Нет, это был не моноспектакль, там были актёры…

То есть больше похоже на читку?

Я не знаю, не смотрел. И наверное, слава богу, что не смотрел. (Смеётся). А потом Надя решила сделать не лабораторный эскиз, а полноценный спектакль.

Вы учились в мастерской Женовача, потом оказались в труппе СТИ, и сейчас снова вернулись к работе со своей однокурсницей: для вас это было возможностью поработать с Надей, но уже не в стенах ГИТИСа, этакая возможность немного похулиганить?

Да! Это кайф, это то, о чём мечтает, наверное, каждый актёр в СТИ – поработать с режиссёром – своим однокурсником. Мы работаем с Женовачом – он наш мастер и педагог, но все равно нам не хватает работы с теми людьми, с которыми мы провели 4 года, когда мы каждую неделю делали какую-то работу – ошибались, но что-то творили. Тем более, Надя – моя подруга, и у нас курс очень дружный получился. У нас “коннектикут” уже на каком-то совершенно другом уровне. Тем более, до этой работы мы выпустили «Питера Пэна» [спектакль «Мой папа – Питер Пэн» в Сатириконе], и для меня было шоком, что она увидела во мне хореографа.

Кстати, ваши педагоги по ГИТИСу и мастер – Сергей Васильевич – приходили на «Капитал»? 

Да, приходили: Сергей Васильевич, Боровский, Гоберник. Их впечатлило, мы очень много общались по поводу спектакля. Мне кажется, им работа показалась толковой. 

О формате спектакля и тексте

К вопросу о материале: при первом взгляде на афишу почему-то складывается убеждение, что это будет формат лекции или читки. И я читала в какой-то рецензии, что спектакль назвали «театральной лекцией». Но для меня театральность была первична, а потом уже — образовательная часть. Как вы нашли этот баланс лекции и театра?

Нехудожественному языку мы старались найти в первую очередь театральное воплощение. Наверное, есть много лекций по марксизму, «Капиталу». Но интересен был именно такой подход: возможно ли это сделать «на театре»? Это было классно, но очень тяжело: как говорить так, чтобы было интересно и понятно, а еще и юмор найти.

А вы продолжали работать над текстом в процессе репетиций или Алексей Цветков отдал вам готовый материал?
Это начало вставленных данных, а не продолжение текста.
(* Let $C = c_0c_1\dots c_{m-1}c_0$ and $D=(0)(1)\dots(n-1)(0)$ be reflexive digraph cycles with $D$ non-contractible. From any homomorphism $\phi \in \mathrm{Hom}(C,D)$ there is a path of up edges in $\mathrm{Hom}(C,D)$ to a monotone homomorphism.
   Context: A digraph is a binary relation $\to$ on a finite vertex set; reflexive means every vertex has a loop $uu$. A digraph cycle $C=c_0c_1\dots c_{m-1}c_0$ (indices mod $m$, $m\ge 3$) has underlying graph the cycle with edges $c_ic_{i+1}$; $D=(0)(1)\dots(n-1)(0)$ has vertex set the integers mod $n$. $D$ is non-contractible if it has length at least $4$ or is a directed $3$-cycle. A homomorphism $\phi: C\to D$ satisfies $u\to v\Rightarrow\phi(u)\to\phi(v)$. $\mathrm{Hom}(C,D)$ is the digraph on homomorphisms with $\phi\to\phi'$ iff $\phi(u)\to\phi'(v)$ for every arc $u\to v$ of $C$; adjacency means $\phi\to\phi'$ or $\phi'\to\phi$. For adjacent $\phi,\phi'$, a vertex $c$ moves up if $\phi'(c)=\phi(c)+1$, moves down if $\phi'(c)=\phi(c)-1$; $(\phi,\phi')$ is an up edge if they are adjacent and every vertex that moves, moves up; a path of up edges from $\phi$ to $\phi'$ is a sequence $\phi=\phi_0,\dots,\phi_k=\phi'$ of up edges $(\phi_j,\phi_{j+1})$. Under $\phi$, edge $c_ic_{i+1}$ is increasing, stationary or decreasing as $\phi(c_{i+1})-\phi(c_i)$ is $1,0,-1$ (mod $n$). A homomorphism is monotone if either every edge is increasing or stationary, or every edge is decreasing or stationary (in particular constant maps are monotone). *)

From mathcomp Require Import all_boot.
Set Implicit Arguments. Unset Strict Implicit. Unset Printing Implicit Defensive.

(* A digraph on vertex set 'I_k is a relation a : rel 'I_k (a u v means u -> v).
   Vertex i : 'I_k of a cycle stands for c_i; ordS i is c_{i+1} (indices mod k). *)

Definition refl_digraph_cycle (k : nat) (a : rel 'I_k) : Prop :=
  [/\ 3 <= k,
      (forall u, a u u),
      (forall i, a i (ordS i) || a (ordS i) i) &
      (forall u v, a u v -> [\/ u = v, v = ordS u | u = ordS v])].

Definition directed_3cycle (k : nat) (a : rel 'I_k) : Prop :=
  k = 3 /\
  ((forall i, a i (ordS i) && ~~ a (ordS i) i) \/
   (forall i, a (ordS i) i && ~~ a i (ordS i))).

Definition non_contractible (k : nat) (a : rel 'I_k) : Prop :=
  4 <= k \/ directed_3cycle a.

Section Hom.
Variables (m n : nat) (C : rel 'I_m) (D : rel 'I_n).

Definition is_hom (phi : {ffun 'I_m -> 'I_n}) : Prop :=
  forall u v, C u v -> D (phi u) (phi v).

Definition hom_arc (phi phi' : {ffun 'I_m -> 'I_n}) : Prop :=
  forall u v, C u v -> D (phi u) (phi' v).

Definition hom_adjacent (phi phi' : {ffun 'I_m -> 'I_n}) : Prop :=
  hom_arc phi phi' \/ hom_arc phi' phi.

Definition up_edge (phi phi' : {ffun 'I_m -> 'I_n}) : Prop :=
  [/\ is_hom phi, is_hom phi', hom_adjacent phi phi' &
      forall c, phi' c != phi c -> phi' c = ordS (phi c)].

Fixpoint up_path (phi : {ffun 'I_m -> 'I_n}) (s : seq {ffun 'I_m -> 'I_n}) : Prop :=
  match s with
  | [::] => True
  | psi :: s' => up_edge phi psi /\ up_path psi s'
  end.

Definition monotone (phi : {ffun 'I_m -> 'I_n}) : Prop :=
  (forall i, phi (ordS i) = phi i \/ phi (ordS i) = ordS (phi i)) \/
  (forall i, phi (ordS i) = phi i \/ phi (ordS i) = ord_pred (phi i)).

End Hom.

From mathcomp Require Import all_boot.

(* A non-monotone homomorphism has a decreasing and an increasing edge.
   Walking along C from a decreasing edge to the first increasing one, the
   stretch after the last decreasing edge is a plateau: a run of vertices mapped
   to some k whose two outer neighbours are mapped to k+1.  Raising the plateau
   to k+1 is again a homomorphism, adjacent to the old one in the direction of
   the arc between k and k+1 in D; it makes the edges at both ends of the run
   stationary and creates no new non-stationary edge.  Induction on the number
   of non-stationary edges finishes the proof. *)

Set Implicit Arguments.
Unset Strict Implicit.
Unset Printing Implicit Defensive.

Section CyclicSuccessor.
Variable n : nat.

Lemma val_iter_ordS (a : 'I_n) k : val (iter k (@ordS n) a) = (a + k) %% n.
Proof.
elim: k => [|k IHk]; first by rewrite addn0 modn_small.
by rewrite iterS /= IHk -addn1 modnDml addn1 addnS.
Qed.

Lemma iter_ordS_id (a : 'I_n) k : (iter k (@ordS n) a == a) = (n %| k).
Proof.
have := @eqn_modDl a k 0 n.
by rewrite addn0 mod0n (modn_small (ltn_ord a)) -val_eqE val_iter_ordS => ->.
Qed.

Lemma ordS_neq (a : 'I_n) : 1 < n -> ordS a != a.
Proof.
move=> n_gt1; rewrite -[ordS a]/(iter 1 _ a) iter_ordS_id dvdn1.
by rewrite neq_ltn n_gt1 orbT.
Qed.

Lemma ord_pred_neq (a : 'I_n) : 1 < n -> ord_pred a != a.
Proof.
move=> n_gt1; apply: contra_neq (ordS_neq a n_gt1) => pred_a.
by rewrite -{1}pred_a ord_predK.
Qed.

Lemma ordS_neq_ord_pred (a : 'I_n) : 2 < n -> ordS a != ord_pred a.
Proof.
move=> n_gt2; apply: contraTneq (n_gt2) => eq_S_pred.
have : iter 2 (@ordS n) a == a by rewrite /= eq_S_pred ord_predK.
by rewrite iter_ordS_id => /(@dvdn_leq _ 2 isT); rewrite leqNgt.
Qed.

Lemma iter_ordS_inj (a : 'I_n) u v :
  u < n -> v < n -> iter u (@ordS n) a = iter v (@ordS n) a -> u = v.
Proof.
move=> u_lt_n v_lt_n /(congr1 val); rewrite !val_iter_ordS => /eqP.
by rewrite eqn_modDl !modn_small // => /eqP.
Qed.

Lemma iter_ordS_onto (a b : 'I_n) : exists2 u, u < n & iter u (@ordS n) a = b.
Proof.
have n_gt0 : 0 < n by apply: leq_ltn_trans (ltn_ord a).
exists ((b + (n - a)) %% n); first by rewrite ltn_pmod.
apply: val_inj; rewrite val_iter_ordS modnDmr addnCA subnKC; last first.
  exact: ltnW (ltn_ord a).
by rewrite modnDr modn_small.
Qed.

End CyclicSuccessor.

Section SequencePlateau.
Variables (n : nat) (f : nat -> 'I_n).
Hypothesis n_gt2 : 2 < n.
Hypothesis f_step :
  forall u, [\/ f u.+1 = f u, f u.+1 = ordS (f u) | f u.+1 = ord_pred (f u)].

Lemma seq_plateau t0 :
  f 1 = ord_pred (f 0) -> f t0.+1 = ordS (f t0) ->
  exists t' t k, [/\ t' < t <= t0, f t' = ordS k, f t.+1 = ordS k &
                     forall u, t' < u <= t -> f u = k].
Proof.
move=> f_dec0 f_inc_t0.
have n_gt1 : 1 < n by apply: ltnW.
pose P t := f t.+1 == ordS (f t).
have [t /eqP f_inc_t t_min] := ex_minnP (ex_intro P t0 (introT eqP f_inc_t0)).
have t_gt0 : 0 < t.
  case: t f_inc_t {t_min} => // f_inc0.
  by have := ordS_neq_ord_pred (f 0) n_gt2; rewrite -f_inc0 f_dec0 eqxx.
pose Q u := (u < t) && (f u.+1 != f u).
have Q0 : Q 0 by rewrite /Q t_gt0 f_dec0 ord_pred_neq.
have Q_le_t u : Q u -> u <= t by case/andP=> /ltnW.
have [t' /andP[t'_lt_t f_moves_t'] t'_max] := ex_maxnP (ex_intro Q 0 Q0) Q_le_t.
have f_dec_t' : f t'.+1 = ord_pred (f t').
  case: (f_step t') => [f_st|f_inc|//].
    by rewrite f_st eqxx in f_moves_t'.
  by have := t_min _ (introT eqP f_inc); rewrite leqNgt t'_lt_t.
have f_flat u : t' < u < t -> f u.+1 = f u.
  case/andP=> t'_lt_u u_lt_t; case: (f_step u) => [//|f_inc|f_dec].
  - by have := t_min _ (introT eqP f_inc); rewrite leqNgt u_lt_t.
  - have : Q u by rewrite /Q u_lt_t f_dec ord_pred_neq.
    by move/t'_max; rewrite leqNgt t'_lt_u.
have f_const u : t' < u <= t -> f u = f t'.+1.
  elim: u => [//|u IHu] /andP[t'_lt_Su Su_le_t].
  have [t'_lt_u|u_le_t'] := ltnP t' u; last first.
    by rewrite (_ : u = t') //; apply/eqP; rewrite eqn_leq u_le_t'.
  by rewrite f_flat ?t'_lt_u // IHu // t'_lt_u ltnW.
exists t', t, (f t'.+1); split.
- by rewrite t'_lt_t (t_min _ (introT eqP f_inc_t0)).
- by rewrite f_dec_t' ord_predK.
- by rewrite f_inc_t f_const // t'_lt_t leqnn.
- exact: f_const.
Qed.

End SequencePlateau.

Definition nonstationary m n (phi : {ffun 'I_m -> 'I_n}) : {set 'I_m} :=
  [set i | phi (ordS i) != phi i].

Definition plateau m n (phi : {ffun 'I_m -> 'I_n}) (S : {set 'I_m}) (k : 'I_n)
    : Prop :=
  (forall c, c \in S -> phi c = k) /\
  (forall x y, x \in S -> y \notin S -> y = ordS x \/ x = ordS y ->
     phi y = ordS k).

Definition raise m n (S : {set 'I_m}) (phi : {ffun 'I_m -> 'I_n}) :=
  [ffun c => if c \in S then ordS (phi c) else phi c].

Section Raise.
Variables (m n : nat) (C : rel 'I_m) (D : rel 'I_n).
Variables (phi : {ffun 'I_m -> 'I_n}) (S : {set 'I_m}) (k : 'I_n).
Hypothesis plateau_phi : plateau phi S k.
Let phi' := raise S phi.

Lemma raise_pair u v : [\/ u = v, v = ordS u | u = ordS v] ->
  [\/ phi' u = phi u /\ phi' v = phi v,
      [/\ phi u = k, phi v = k, phi' u = ordS k & phi' v = ordS k],
      [/\ phi u = k, phi v = ordS k, phi' u = ordS k & phi' v = ordS k] |
      [/\ phi u = ordS k, phi v = k, phi' u = ordS k & phi' v = ordS k]].
Proof.
case: plateau_phi => phi_S phi_border near_uv; rewrite !ffunE.
have [Su|Su] := boolP (u \in S); have [Sv|Sv] := boolP (v \in S).
- by constructor 2; rewrite !phi_S.
- have uv : v = ordS u \/ u = ordS v.
    by case: near_uv => [eq_uv|uv|vu]; [rewrite -eq_uv Su in Sv | left | right].
  by constructor 3; rewrite (phi_S u) // (phi_border u v).
- have vu : u = ordS v \/ v = ordS u.
    by case: near_uv => [eq_uv|uv|vu]; [rewrite eq_uv Sv in Su | right | left].
  by constructor 4; rewrite (phi_S v) // (phi_border v u).
- by constructor 1.
Qed.

Lemma raise_nonstationary : 1 < n -> (exists c, c \notin S /\ ordS c \in S) ->
  #|nonstationary phi'| < #|nonstationary phi|.
Proof.
move=> n_gt1 [c [Sc SSc]]; apply: proper_card; apply/properP; split.
  apply/subsetP => i; rewrite !inE; apply: contraNN => /eqP phi_flat.
  by case: (raise_pair (Or32 _ _ (erefl (ordS i))))
    => [[-> ->]|[_ _ -> ->]|[_ _ -> ->]|[_ _ -> ->]]; rewrite ?phi_flat.
case: plateau_phi => phi_S phi_border.
have phi_c : phi c = ordS k by apply: (phi_border (ordS c)); last by right.
exists c; rewrite !inE; first by rewrite phi_S // phi_c eq_sym ordS_neq.
by rewrite /phi' /raise !ffunE (negbTE Sc) SSc phi_S // phi_c eqxx.
Qed.

Hypothesis C_local : forall u v, C u v -> [\/ u = v, v = ordS u | u = ordS v].
Hypothesis D_refl : forall x, D x x.
Hypothesis phi_hom : is_hom C D phi.

Lemma raise_hom : is_hom C D phi'.
Proof.
move=> u v /[dup] /phi_hom Duv /C_local/raise_pair.
by case=> [[-> ->]|[_ _ -> ->]|[_ _ -> ->]|[_ _ -> ->]].
Qed.

Lemma raise_arc_up : D k (ordS k) -> hom_arc C D phi phi'.
Proof.
move=> Dk u v /[dup] /phi_hom Duv /C_local/raise_pair.
by case=> [[_ ->]|[-> _ _ ->]|[-> _ _ ->]|[-> _ _ ->]].
Qed.

Lemma raise_arc_down : D (ordS k) k -> hom_arc C D phi' phi.
Proof.
move=> Dk u v /[dup] /phi_hom Duv /C_local/raise_pair.
by case=> [[-> _]|[_ -> -> _]|[_ -> -> _]|[_ -> -> _]].
Qed.

Lemma raise_up_edge : D k (ordS k) || D (ordS k) k -> up_edge C D phi phi'.
Proof.
move=> D_k; split; [exact: phi_hom | exact: raise_hom | |].
  by case/orP: D_k => [/raise_arc_up|/raise_arc_down]; [left|right].
by move=> c; rewrite ffunE; case: ifP; rewrite ?eqxx.
Qed.

End Raise.

Section HomPlateau.
Variables (m n : nat) (C : rel 'I_m) (D : rel 'I_n) (phi : {ffun 'I_m -> 'I_n}).

Lemma iter_ordS_plateau (a : 'I_m) t' t k : t' < t < m ->
  phi (iter t' (@ordS m) a) = ordS k -> phi (iter t.+1 (@ordS m) a) = ordS k ->
  (forall u, t' < u <= t -> phi (iter u (@ordS m) a) = k) ->
  exists S, plateau phi S k /\ exists c, c \notin S /\ ordS c \in S.
Proof.
move=> /andP[t'_lt_t t_lt_m] phi_t' phi_St phi_mid.
pose w u := iter u (@ordS m) a.
pose S := [set c in map w (iota t'.+1 (t - t'))].
have inS c : reflect (exists2 u, t' < u <= t & c = w u) (c \in S).
  have iota_t'_t u : (u \in iota t'.+1 (t - t')) = (t' < u <= t).
    by rewrite mem_iota addSn subnKC ?(ltnW t'_lt_t).
  rewrite inE; apply: (iffP mapP) => -[u u_in ->];
  by exists u; rewrite ?iota_t'_t in u_in *.
exists S; split; [split|].
- by move=> c /inS[u u_in ->]; apply: phi_mid.
- move=> x y /inS[u /andP[t'_lt_u u_le_t] ->] Sy [y_def|].
    rewrite y_def in Sy *; have [u_lt_t|t_le_u] := ltnP u t.
      by case/negP: Sy; apply/inS; exists u.+1; rewrite ?ltnS ?(ltnW t'_lt_u).
    by rewrite (_ : u = t) //; apply/eqP; rewrite eqn_leq u_le_t.
  case: u t'_lt_u u_le_t => // u t'_lt_Su Su_le_t /ordS_inj y_def.
  rewrite -y_def in Sy *.
  have [t'_lt_u|u_le_t'] := ltnP t' u.
    by case/negP: Sy; apply/inS; exists u; rewrite ?t'_lt_u ?(ltnW Su_le_t).
  by rewrite (_ : u = t') //; apply/eqP; rewrite eqn_leq u_le_t'.
- exists (w t'); split; last by apply/inS; exists t'.+1; rewrite ?ltnSn.
  apply/inS => -[u /andP[t'_lt_u u_le_t]].
  move/(iter_ordS_inj (ltn_trans t'_lt_t t_lt_m) (leq_ltn_trans u_le_t t_lt_m)).
  by move=> eq_t'u; rewrite eq_t'u ltnn in t'_lt_u.
Qed.

Hypothesis C_edges : forall i, C i (ordS i) || C (ordS i) i.
Hypothesis D_local : forall x y, D x y -> [\/ x = y, y = ordS x | x = ordS y].
Hypothesis phi_hom : is_hom C D phi.

Lemma hom_edge_step i : [\/ phi (ordS i) = phi i, phi (ordS i) = ordS (phi i) |
                       phi (ordS i) = ord_pred (phi i)].
Proof.
case/orP: (C_edges i) => /phi_hom/D_local[->|->|->];
  by [constructor 1 | constructor 2 | constructor 3; rewrite ordSK].
Qed.

Lemma monotone_or_slopes : monotone phi \/
  (exists i, phi (ordS i) = ord_pred (phi i)) /\
  (exists j, phi (ordS j) = ordS (phi j)).
Proof.
have [i /eqP phi_dec|no_dec] :=
  pickP [pred i | phi (ordS i) == ord_pred (phi i)]; last first.
  left; left=> k.
  case: (hom_edge_step k) => [st|inc|dec]; [by left|by right|].
  by have := no_dec k; rewrite /= dec eqxx.
have [j /eqP phi_inc|no_inc] :=
  pickP [pred j | phi (ordS j) == ordS (phi j)]; last first.
  left; right=> k.
  case: (hom_edge_step k) => [st|inc|dec]; [by left| |by right].
  by have := no_inc k; rewrite /= inc eqxx.
by right; split; [exists i | exists j].
Qed.

Hypothesis n_gt2 : 2 < n.

Lemma hom_plateau i j :
  phi (ordS i) = ord_pred (phi i) -> phi (ordS j) = ordS (phi j) ->
  exists S k, plateau phi S k /\ exists c, c \notin S /\ ordS c \in S.
Proof.
move=> phi_dec phi_inc; have [t0 t0_lt_m iter_t0] := iter_ordS_onto i j.
pose f u := phi (iter u (@ordS m) i).
have f_inc_t0 : f t0.+1 = ordS (f t0) by rewrite /f iterS iter_t0.
have [t' [t [k [/andP[t'_lt_t t_le_t0] f_t' f_St f_mid]]]] :=
  seq_plateau (f := f) n_gt2 (fun u => hom_edge_step _) phi_dec f_inc_t0.
have t_lt_m : t' < t < m by rewrite t'_lt_t (leq_ltn_trans t_le_t0).
by have [S] := iter_ordS_plateau t_lt_m f_t' f_St f_mid; exists S, k.
Qed.

End HomPlateau.

Theorem corollary2p3 (m n : nat) (C : rel 'I_m) (D : rel 'I_n) :
  refl_digraph_cycle C -> refl_digraph_cycle D -> non_contractible D ->
  forall phi : {ffun 'I_m -> 'I_n}, is_hom C D phi ->
  exists s : seq {ffun 'I_m -> 'I_n},
    up_path C D phi s /\ monotone (last phi s).
Proof.
move=> [_ _ C_edges C_local] [n_gt2 D_refl D_edges D_local] _ phi.
have [N] := ubnP #|nonstationary phi|.
elim: N phi => // N IHN phi card_lt phi_hom.
have [mono|[[i phi_dec] [j phi_inc]]] :=
  monotone_or_slopes C_edges D_local phi_hom; first by exists [::].
have [S [k [plateau_phi entry]]] :=
  hom_plateau C_edges D_local phi_hom n_gt2 phi_dec phi_inc.
have card_raise := raise_nonstationary plateau_phi (ltnW n_gt2) entry.
have [s [path_s mono_s]] := IHN (raise S phi) (leq_trans card_raise card_lt)
  (raise_hom plateau_phi C_local D_refl phi_hom).
exists (raise S phi :: s); split => //; split => //.
exact: raise_up_edge plateau_phi C_local D_refl phi_hom (D_edges k).
Qed.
Алексей написал около 150 страниц текста, с которым мы работали как с основным, но не готовым материалом. В процессе репетиций мы с Надей сокращали текст, сочиняли и добавляли своё. В итоге осталось 9 страниц.

А вы перечитывали, например, биографию Маркса, пытаясь как бы говорить от его лица?

Да, мы, конечно, всё изучали, и нам Алексей рассказывал много того, что вне композиции и на сцене. Я не читал «Капитал», но читал комикс, пролистывал что-то в «Капитале». Но у Алексея получилась содержательная композиция, особенно расширенная версия.

У вас в тексте появляется вымышленный «актёр Александр». Надя в одном из интервью говорила, что этот спектакль – её высказывание на тему коммерциализации театра и искусства в целом. Можно ли сказать, что вы ввели «актёра Александра», чтобы тоже высказаться лично в этом спектакле?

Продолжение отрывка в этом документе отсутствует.